Lemma prime_divisors_cofactor {p ps k t u} : t = (p ^ k * u)%N -> ~~ (p %| u) ->
  (forall q, prime q -> q %| t -> In q (p :: ps)) ->
  forall q, prime q -> q %| u -> In q ps.
Proof.
move=> Ht pu Hq q pq qu; have : In q (p :: ps) by apply: Hq => //; rewrite Ht dvdn_mull.
by case=> // Hqp; subst q; rewrite qu in pu.
Qed.

Lemma INR_expn p k : INR (p ^ k) = INR p ^ k.
Proof. elim: k => [|k IH]; first by rewrite expn0. by rewrite expnS mult_INR IH. Qed.

Lemma prime_INR_ge2 {p} : prime p -> 2 <= INR p.
Proof. move=> /prime_gt1 /ltP H; apply: (le_INR 2); lia. Qed.

Definition inv_sq (p : nat) : R := / (INR p ^ 2).

Lemma inv_sq_bounds {p} : prime p -> 0 < inv_sq p < 1.
Proof.
move=> /prime_INR_ge2 H2; rewrite /inv_sq; split.
  apply: Rinv_0_lt_compat; nra.
rewrite -Rinv_1; apply: Rinv_lt_contravar; nra.
Qed.

Lemma rfac_nonneg p : prime p -> 0 <= rfac p.
Proof. move=> /prime_INR_ge2 H2; apply: Rle_mult_inv_pos; nra. Qed.

Lemma rE t : r t = / (INR t ^ 2) * lprod rfac (primes t).
Proof. by []. Qed.

Lemma r1 : r 1 = 1.
Proof. rewrite rE /=; field. Qed.

Lemma r_nonneg t : (0 < t)%N -> 0 <= r t.
Proof.
move=> /ltP t0; rewrite rE; apply: Rmult_le_pos.
  by apply/Rlt_le/Rinv_0_lt_compat/pow_lt/lt_0_INR.
by apply: lprod_nonneg => q /In_mem; rewrite mem_primes => /andP[/rfac_nonneg].
Qed.

Lemma r_pfactorM p k u : prime p -> (0 < u)%N -> ~~ (p %| u) ->
  r (p ^ k.+1 * u) = rfac p * inv_sq p ^ k.+1 * r u.
Proof.
move=> pp u0 pu.
have Hperm : Permutation (primes (p ^ k.+1 * u)) (p :: primes u).
  apply: NoDup_Permutation; first exact/uniq_NoDup/primes_uniq.
    apply/uniq_NoDup => /=; rewrite primes_uniq andbT mem_primes negb_and.
    by rewrite negb_and pu !orbT.
  move=> x; rewrite !In_mem primesM ?expn_gt0 ?(prime_gt0 pp) //.
  by rewrite primesX // primes_prime // !in_cons in_nil orbF.
rewrite !rE (lprod_perm _ _ _ Hperm) mult_INR INR_expn.
change (lprod rfac (p :: primes u)) with (rfac p * lprod rfac (primes u)).
have Hu : 0 < INR u by apply/lt_0_INR/ltP.
have Hpk : 0 < INR p ^ k.+1 by apply: pow_lt; have := prime_INR_ge2 pp; lra.
rewrite /inv_sq pow_inv -pow_mult Nat.mul_comm pow_mult.
by field; split; apply: Rgt_not_eq.
Qed.

Lemma r_pfactor p k : prime p -> r (p ^ k.+1) = rfac p * inv_sq p ^ k.+1.
Proof.
move=> pp; have := @r_pfactorM p k 1 pp isT.
rewrite muln1 r1 Rmult_1_r; apply.
by rewrite dvdn1 neq_ltn prime_gt1 ?orbT.
Qed.

Lemma r_mul p k u : prime p -> (0 < u)%N -> ~~ (p %| u) ->
  r (p ^ k * u) = r (p ^ k) * r u.
Proof.
move=> pp u0 pu; case: k => [|k]; first by rewrite expn0 mul1n r1 Rmult_1_l.
by rewrite r_pfactorM // r_pfactor.
Qed.

(* The sum of r (p ^ k) over all k >= e. *)
Definition local_sum (p e : nat) : R :=
  match e with
  | 0 => 1 + rfac p * inv_sq p / (1 - inv_sq p)
  | _ => rfac p * inv_sq p ^ e / (1 - inv_sq p)
  end.

Lemma lsum_r_pfactor p e j : prime p -> (0 < e + j)%N ->
  lsum (fun k => r (p ^ k)) (List.seq e j) =
  local_sum p e - rfac p * inv_sq p ^ (e + j) / (1 - inv_sq p).
Proof.
move=> pp; have [q0 q1] := inv_sq_bounds pp.
elim: j => [|j IH] H.
  rewrite addn0 /lsum /=; case: e H => [//|e] _ /=; field; lra.
rewrite seq_S lsum_app; case: (posnP (e + j)) => Hej.
  have [-> ->] : e = 0%N /\ j = 0%N by lia.
  by rewrite /lsum /= expn0 r1 /local_sum; field; lra.
rewrite IH // /lsum /=.
have -> : r (p ^ (e + j)) = rfac p * inv_sq p ^ (e + j).
  by case: (e + j)%N Hej => [//|n] _; rewrite r_pfactor.
rewrite (_ : (e + j.+1)%N = (e + j).+1) /=; [field; lra | lia].
Qed.

Definition artin_factor (p : nat) : R := 1 - / (INR p * (INR p - 1)).

Definition inv_nphi (m : nat) : R := / (INR m * INR (totient m)).

Lemma inv_nphi1 : inv_nphi 1 = 1.
Proof. by rewrite /inv_nphi /= Rmult_1_r Rinv_1. Qed.

Lemma inv_nphiM m n : coprime m n -> inv_nphi (m * n) = inv_nphi m * inv_nphi n.
Proof. by move=> mn; rewrite /inv_nphi totient_coprime // !mult_INR !Rinv_mult; ring. Qed.

Lemma artin_factor_local_sum p e : prime p ->
  artin_factor p * local_sum p e = inv_nphi (p ^ e).
Proof.
move=> pp; have H2 := prime_INR_ge2 pp.
rewrite /artin_factor /local_sum /rfac /inv_sq; case: e => [|e].
  by rewrite expn0 inv_nphi1; field; nra.
rewrite /inv_nphi totient_pfactor // mult_INR !INR_expn /=.
have -> : INR p.-1 = INR p - 1.
  by case: p pp {H2} => [//|p] _; rewrite S_INR /=; lra.
have Hpe : 0 < INR p ^ e by apply: pow_lt; lra.
rewrite !Rmult_1_r pow_inv Rpow_mult_distr; field; repeat split; nra.
Qed.

Lemma lprod_inv_nphi ps m : allprime ps -> NoDup ps -> (0 < m)%N ->
  (forall q, prime q -> q %| m -> In q ps) ->
  lprod (fun q => inv_nphi (q ^ logn q m)) ps = inv_nphi m.
Proof.
elim: ps m => [|p ps IH] m Hpr Hnd m0 Hq.
  by rewrite (no_prime_divisor_eq1 m0 Hq) inv_nphi1.
inversion Hnd as [|? ? Hp Hnd']; subst.
have pp : prime p by apply: Hpr; left.
have [u [u0 pu Hm]] := pfactor_decomp pp m0.
change (lprod _ (p :: ps)) with
  (inv_nphi (p ^ logn p m) * lprod (fun q => inv_nphi (q ^ logn q m)) ps).
rewrite (lprod_ext _ (fun q => inv_nphi (q ^ logn q u))); last first.
  move=> q Hqin; have qp : q <> p by move=> E; subst q.
  by rewrite {1}Hm logn_pfactorM_other.
rewrite IH //; [|exact: allprime_tail Hpr|exact: prime_divisors_cofactor Hm pu Hq].
by rewrite {2}Hm inv_nphiM // coprimeXl // prime_coprime.
Qed.

Section Box.
Variables d K : nat.

Definition exps (p : nat) : list nat := List.seq (logn p d) (K.+1 - logn p d).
= = = = = = =
*EXERCISE OBJECTIVE:*
Go through the records above and write each one out again exactly.

*YOUR SOLUTION:*
Lemma prime_divisors_cofactor {p ps k t u} : t = (p ^ k * u)%N -> ~~ (p %| u) ->
  (forall q, prime q -> q %| t -> In q (p :: ps)) ->
  forall q, prime q -> q %| u -> In q ps.
Proof.
move=> Ht pu Hq q pq qu; have : In q (p :: ps) by apply: Hq => //; rewrite Ht dvdn_mull.
by case=> // Hqp; subst q; rewrite qu in pu.
Qed.

Lemma INR_expn p k : INR (p ^ k) = INR p ^ k.
Proof. elim: k => [|k IH]; first by rewrite expn0. by rewrite expnS mult_INR IH. Qed.

Lemma prime_INR_ge2 {p} : prime p -> 2 <= INR p.
Proof. move=> /prime_gt1 /ltP H; apply: (le_INR 2); lia. Qed.

Definition inv_sq (p : nat) : R := / (INR p ^ 2).

Lemma inv_sq_bounds {p} : prime p -> 0 < inv_sq p < 1.
Proof.
move=> /prime_INR_ge2 H2; rewrite /inv_sq; split.
  apply: Rinv_0_lt_compat; nra.
rewrite -Rinv_1; apply: Rinv_lt_contravar; nra.
Qed.

Lemma rfac_nonneg p : prime p -> 0 <= rfac p.
Proof. move=> /prime_INR_ge2 H2; apply: Rle_mult_inv_pos; nra. Qed.

Lemma rE t : r t = / (INR t ^ 2) * lprod rfac (primes t).
Proof. by []. Qed.

Lemma r1 : r 1 = 1.
Proof. rewrite rE /=; field. Qed.

Lemma r_nonneg t : (0 < t)%N -> 0 <= r t.
Proof.
move=> /ltP t0; rewrite rE; apply: Rmult_le_pos.
  by apply/Rlt_le/Rinv_0_lt_compat/pow_lt/lt_0_INR.
by apply: lprod_nonneg => q /In_mem; rewrite mem_primes => /andP[/rfac_nonneg].
Qed.

Lemma r_pfactorM p k u : prime p -> (0 < u)%N -> ~~ (p %| u) ->
  r (p ^ k.+1 * u) = rfac p * inv_sq p ^ k.+1 * r u.
Proof.
move=> pp u0 pu.
have Hperm : Permutation (primes (p ^ k.+1 * u)) (p :: primes u).
  apply: NoDup_Permutation; first exact/uniq_NoDup/primes_uniq.
    apply/uniq_NoDup => /=; rewrite primes_uniq andbT mem_primes negb_and.
    by rewrite negb_and pu !orbT.
  move=> x; rewrite !In_mem primesM ?expn_gt0 ?(prime_gt0 pp) //.
  by rewrite primesX // primes_prime // !in_cons in_nil orbF.
rewrite !rE (lprod_perm _ _ _ Hperm) mult_INR INR_expn.
change (lprod rfac (p :: primes u)) with (rfac p * lprod rfac (primes u)).
have Hu : 0 < INR u by apply/lt_0_INR/ltP.
have Hpk : 0 < INR p ^ k.+1 by apply: pow_lt; have := prime_INR_ge2 pp; lra.
rewrite /inv_sq pow_inv -pow_mult Nat.mul_comm pow_mult.
by field; split; apply: Rgt_not_eq.
Qed.

Lemma r_pfactor p k : prime p -> r (p ^ k.+1) = rfac p * inv_sq p ^ k.+1.
Proof.
move=> pp; have := @r_pfactorM p k 1 pp isT.
rewrite muln1 r1 Rmult_1_r; apply.
by rewrite dvdn1 neq_ltn prime_gt1 ?orbT.
Qed.

Lemma r_mul p k u : prime p -> (0 < u)%N -> ~~ (p %| u) ->
  r (p ^ k * u) = r (p ^ k) * r u.
Proof.
move=> pp u0 pu; case: k => [|k]; first by rewrite expn0 mul1n r1 Rmult_1_l.
by rewrite r_pfactorM // r_pfactor.
Qed.

(* The sum of r (p ^ k) over all k >= e. *)
Definition local_sum (p e : nat) : R :=
  match e with
  | 0 => 1 + rfac p * inv_sq p / (1 - inv_sq p)
  | _ => rfac p * inv_sq p ^ e / (1 - inv_sq p)
  end.

Lemma lsum_r_pfactor p e j : prime p -> (0 < e + j)%N ->
  lsum (fun k => r (p ^ k)) (List.seq e j) =
  local_sum p e - rfac p * inv_sq p ^ (e + j) / (1 - inv_sq p).
Proof.
move=> pp; have [q0 q1] := inv_sq_bounds pp.
elim: j => [|j IH] H.
  rewrite addn0 /lsum /=; case: e H => [//|e] _ /=; field; lra.
rewrite seq_S lsum_app; case: (posnP (e + j)) => Hej.
  have [-> ->] : e = 0%N /\ j = 0%N by lia.
  by rewrite /lsum /= expn0 r1 /local_sum; field; lra.
rewrite IH // /lsum /=.
have -> : r (p ^ (e + j)) = rfac p * inv_sq p ^ (e + j).
  by case: (e + j)%N Hej => [//|n] _; rewrite r_pfactor.
rewrite (_ : (e + j.+1)%N = (e + j).+1) /=; [field; lra | lia].
Qed.

Definition artin_factor (p : nat) : R := 1 - / (INR p * (INR p - 1)).

Definition inv_nphi (m : nat) : R := / (INR m * INR (totient m)).

Lemma inv_nphi1 : inv_nphi 1 = 1.
Proof. by rewrite /inv_nphi /= Rmult_1_r Rinv_1. Qed.

Lemma inv_nphiM m n : coprime m n -> inv_nphi (m * n) = inv_nphi m * inv_nphi n.
Proof. by move=> mn; rewrite /inv_nphi totient_coprime // !mult_INR !Rinv_mult; ring. Qed.

Lemma artin_factor_local_sum p e : prime p ->
  artin_factor p * local_sum p e = inv_nphi (p ^ e).
Proof.
move=> pp; have H2 := prime_INR_ge2 pp.
rewrite /artin_factor /local_sum /rfac /inv_sq; case: e => [|e].
  by rewrite expn0 inv_nphi1; field; nra.
rewrite /inv_nphi totient_pfactor // mult_INR !INR_expn /=.
have -> : INR p.-1 = INR p - 1.
  by case: p pp {H2} => [//|p] _; rewrite S_INR /=; lra.
have Hpe : 0 < INR p ^ e by apply: pow_lt; lra.
rewrite !Rmult_1_r pow_inv Rpow_mult_distr; field; repeat split; nra.
Qed.

Lemma lprod_inv_nphi ps m : allprime ps -> NoDup ps -> (0 < m)%N ->
  (forall q, prime q -> q %| m -> In q ps) ->
  lprod (fun q => inv_nphi (q ^ logn q m)) ps = inv_nphi m.
Proof.
elim: ps m => [|p ps IH] m Hpr Hnd m0 Hq.
  by rewrite (no_prime_divisor_eq1 m0 Hq) inv_nphi1.
inversion Hnd as [|? ? Hp Hnd']; subst.
have pp : prime p by apply: Hpr; left.
have [u [u0 pu Hm]] := pfactor_decomp pp m0.
change (lprod _ (p :: ps)) with
  (inv_nphi (p ^ logn p m) * lprod (fun q => inv_nphi (q ^ logn q m)) ps).
rewrite (lprod_ext _ (fun q => inv_nphi (q ^ logn q u))); last first.
  move=> q Hqin; have qp : q <> p by move=> E; subst q.
  by rewrite {1}Hm logn_pfactorM_other.
rewrite IH //; [|exact: allprime_tail Hpr|exact: prime_divisors_cofactor Hm pu Hq].
by rewrite {2}Hm inv_nphiM // coprimeXl // prime_coprime.
Qed.

Section Box.
Variables d K : nat.

Definition exps (p : nat) : list nat := List.seq (logn p d) (K.+1 - logn p d).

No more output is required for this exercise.